Each of them depicts a different reincarnation of the same being: as a young aristocrat in 1912, as a
political fanatic in the 1930s, as a Thai princess before the end of WWII, and as an evil young orphan in
the 1960s. Taken together the novels are a clear indication of Mishima’s increasing obsession with blood,
death, and suicide, his interest in self-destructive personalities, and his rejection of the sterility of modern
life.
 The Setting Sun by Ozamu is a tragic, vividly painted story of life in postwar Japan. The narrator is
Kazuko, a young woman born to gentility but now impoverished. Though she wears Western clothes, her
outlook is Japanese; her life is static, and she recognizes that she is spiritually empty. In the course of the
novel, she survives the deaths of her aristocratic mother and her sensitive, drug addicted brother Naoji, an
intellectual ravage by his own and society’s spiritual failures. She also spends a sad, sordid night with the
writer Uehara, and she conceives a child in the hope that it will be the first step in a moral revolution.
 In the Grove by Akutagawa is the author’s most famous story made into the film Rashomon. The story
asks these questions: What is the truth? Who tells the truth? How is the truth falsified? Six narrators tell
their own testimonies about the death of a husband and the violation of his wife in the woods. The
narrators include a woodcutter, a monk, an old woman, the mother-in-law of the slain man, the wife, and
finally, the dead man whose story is spoken through the mouth of a shamaness. Akutagawa’s ability to
blend a feudal setting with deep psychological insights gives this story an ageless quality.

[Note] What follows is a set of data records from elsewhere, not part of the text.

(* As c0 changes the last p-syllable, the last q-syllable s of a is cancelled
   inside c0 a; gathering the q-letters of a star splitting of the rest of a
   then exposes a left unit. *)
Lemma star_split_far p q c0 : q <> p -> ~ E p q -> last_syl q (eval a) <> one q ->
  last_syl p (eval a) = one p -> last_syl p (eval (c0 ++ a)) <> one p -> star_split p a.
Proof.
  intros Hqp HEpq Hq Htp Hc0.
  destruct (split_last_syl_lt _ a q (le_n _) Hq) as [a1 [Hl1 Ha1]].
  set (s := last_syl q (eval a)) in *.
  assert (Hs : s = mul q (last_syl q (eval a1)) s)
    by (unfold s at 1; rewrite (eval_gp _ _ Ha1), eval_snoc, last_syl_act by apply eval_wf;
        reflexivity).
  assert (Hc : mul q (last_syl q (eval (c0 ++ a1))) s = one q).
  { apply (last_syl_act_cancels p); auto using eval_wf, nE_sym.
    rewrite <- eval_snoc, <- app_assoc, <- (eval_gp _ _ (gp_appl c0 _ _ Ha1)). auto. }
  destruct (IH a1 q Hl1) as [H1|[U1 [A1 [HU1 [HA1 [He1 Hle1]]]]]].
  { exfalso. apply Hq. rewrite Hs, <- (H1 c0). exact Hc. }
  set (B := A1 ++ [ltr q s]).
  assert (HB : Forall (in_star q) B)
    by (apply Forall_app; split; [auto|constructor; [left; reflexivity|constructor]]).
  set (Bf := filter (off_vertex q) B). set (pi := syl_prod q B).
  assert (HlBf : length Bf <= length A1) by apply length_filter_off_snoc.
  assert (Ha : eqv a (U1 ++ Bf ++ [ltr q pi])).
  { eapply gp_trans; [exact Ha1|]. eapply gp_trans; [apply gp_appr, He1|].
    rewrite <- app_assoc. apply gp_appl, gp_gather; auto. }
  assert (Hpi : left_unit (ltr q pi)).
  { unfold left_unit, ltr; simpl. exists (last_syl q (eval ((c0 ++ U1) ++ Bf))).
    apply (last_syl_act_cancels p); auto using eval_wf, nE_sym.
    rewrite <- eval_snoc, <- !app_assoc, <- (eval_gp _ _ (gp_appl c0 _ _ Ha)). auto. }
  assert (Ha' : eqv a ((U1 ++ [ltr q pi]) ++ Bf)).
  { eapply gp_trans; [exact Ha|]. rewrite <- app_assoc.
    apply gp_appl, gp_sym, gp_comm_word, Forall_off_vertex; auto. }
  destruct (IH Bf p ltac:(lia)) as [H2|H2].
  - exfalso. apply Hc0. rewrite <- Htp.
    exact (stable_gp _ _ _ (gp_sym Ha') (stable_app _ _ _ H2) c0).
  - apply (star_split_units _ _ (U1 ++ [ltr q pi]) Bf); auto.
    + apply Forall_app; auto.
    + rewrite length_app; simpl. lia.
Qed.

End StarSplitStep.

Lemma stable_or_star_split_le n : forall a p, length a <= n -> stable p a \/ star_split p a.
Proof.
  induction n as [|n IH]; intros a p Hl.
  { destruct a; [|simpl in Hl; lia]. right. exists [], []. repeat split; auto using gp_refl. }
  destruct (classic (stable p a)) as [Hs|Hns]; [left; auto|right].
  assert (IH' : forall a' p', length a' < length a -> stable p' a' \/ star_split p' a')
    by (intros; apply IH; lia).
  destruct (classic (exists q, (q = p \/ E p q) /\ last_syl q (eval a) <> one q))
    as [[q [Hqp Hq]]|Hstar]; [apply (star_split_star a IH' p q); auto|].
  destruct (classic (forall q, last_syl q (eval a) = one q)) as [H0|H0].
  { exists [], []. repeat split; auto using gp_nil_of_last_syl. simpl; lia. }
  apply not_all_ex_not in H0 as [q Hq]. apply not_all_ex_not in Hns as [c0 Hc0].
  assert (Hqp : q <> p) by (intros ->; apply Hstar; eauto).
  assert (HEpq : ~ E p q) by (intro; apply Hstar; eauto).
  assert (Htp : last_syl p (eval a) = one p) by (apply NNPP; intro; apply Hstar; eauto).
  apply (star_split_far a IH' p q c0); auto. rewrite <- Htp. auto.
Qed.

Lemma stable_or_star_split a p : stable p a \/ star_split p a.
Proof. apply (stable_or_star_split_le _ a p (le_n _)). Qed.

(** * Least common left multiples *)

Lemma lcm_letter_stable u e a : stable u a -> lcm_dichotomy [ltr u e] a.
Proof.
  intros Ha. destruct (classic (exists d, last_syl u (eval a) = mul u d e)) as [Hd|Hd].
  - right. exists a. intros w. split; [tauto|]. intros Hw. split; auto.
    apply lideal_ltrP. destruct Hw as [c Hc]. rewrite (eval_gp _ _ Hc), Ha. auto.
  - left. intros w [Hx [c Hc]]. apply Hd.
    apply lideal_ltrP in Hx. rewrite (eval_gp _ _ Hc), Ha in Hx. auto.
Qed.

(* Writing a = U A, membership of c A in C (u, e) is membership of
   (last_syl u c) pi in C_u e, so the LCM of e and pi in C_u gives the one in C. *)
Lemma lcm_letter_star u e a : star_split u a -> lcm_dichotomy [ltr u e] a.
Proof.
  intros [U [A [HU [HA [Ha _]]]]].
  apply (lcm_dichotomy_iff _ _ [ltr u e] A).
  { intros w. split; intros [Hx Hw]; split; auto.
    - apply (lideal_units U); auto. eapply lideal_gp; eauto.
    - apply (lideal_gp (U ++ A)); [apply gp_sym; auto|]. apply lideal_units; auto. }
  destruct (last_syl_app_star u A HA) as [pi Hpi].
  destruct (proj2 (C_LCM u) e pi) as [Hdis|[l Hl]].
  { left. intros w [Hx [c Hc]]. apply lideal_ltrP in Hx as [d Hd].
    rewrite (eval_gp _ _ Hc), Hpi in Hd.
    apply (Hdis (mul u (last_syl u (eval c)) pi)). split; [exists d|exists (last_syl u (eval c))]; auto. }
  destruct (proj2 (Hl l) ltac:(exists (one u); rewrite mul1r; auto)) as [[h Hh] [k Hk]].
  right. exists ([ltr u k] ++ A). intros w. split.
  - intros [Hx [c Hc]]. apply lideal_ltrP in Hx as [d Hd].
    rewrite (eval_gp _ _ Hc), Hpi in Hd.
    destruct (proj1 (Hl _) (conj (ex_intro _ d Hd) (ex_intro _ _ eq_refl))) as [f Hf].
    rewrite Hk, mulA in Hf. apply mulIr in Hf.
    destruct (proj2 (lideal_ltrP u k c) (ex_intro _ f Hf)) as [g Hg].
    exists g. eapply gp_trans; [exact Hc|]. rewrite app_assoc. apply gp_appr; auto.
  - intros [g Hg]. split.
    + apply lideal_ltrP. exists (mul u (last_syl u (eval g)) h).
      rewrite (eval_gp _ _ Hg), app_assoc, Hpi, eval_snoc, last_syl_act by apply eval_wf.
      rewrite <- mulA, <- Hk, Hh, mulA. reflexivity.
    + exists (g ++ [ltr u k]). rewrite <- app_assoc. auto.
Qed.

 The Wild Geese by Oagi is a melodramatic novel set in Tokyo at the threshold of the 20th century. The
novel explores the blighted life of Otama, daughter of a cake vendor. Because of extreme poverty, she
becomes the mistress of a policeman, and later on of a money-lender, Shazo. In her desire to rise from the
pitfall of shame and deprivation, she tries to befriend Okada, a medical student who she greets every day
by the window as he passes by on his way to the campus. She is disillusioned however, as Okada, in the
end, prepares for further medical studies in Germany. Ogai’s novel follows the traditio of the watakushi-
shosetsu or the confessional I- novel where the storyteller is the main character.
 The Buddha Tree by Fumio alludes to the awakening of Buddha under the bo tree when he gets
enlightened after fasting 40 days and nights. Similarly, the hero of the novel, Soshu, attains self-
illumination after freeing himself from the way of all flesh. The author was inspired by personal tragedies
that befell their family and this novel makes him transcend his personal agony into artistic achievement.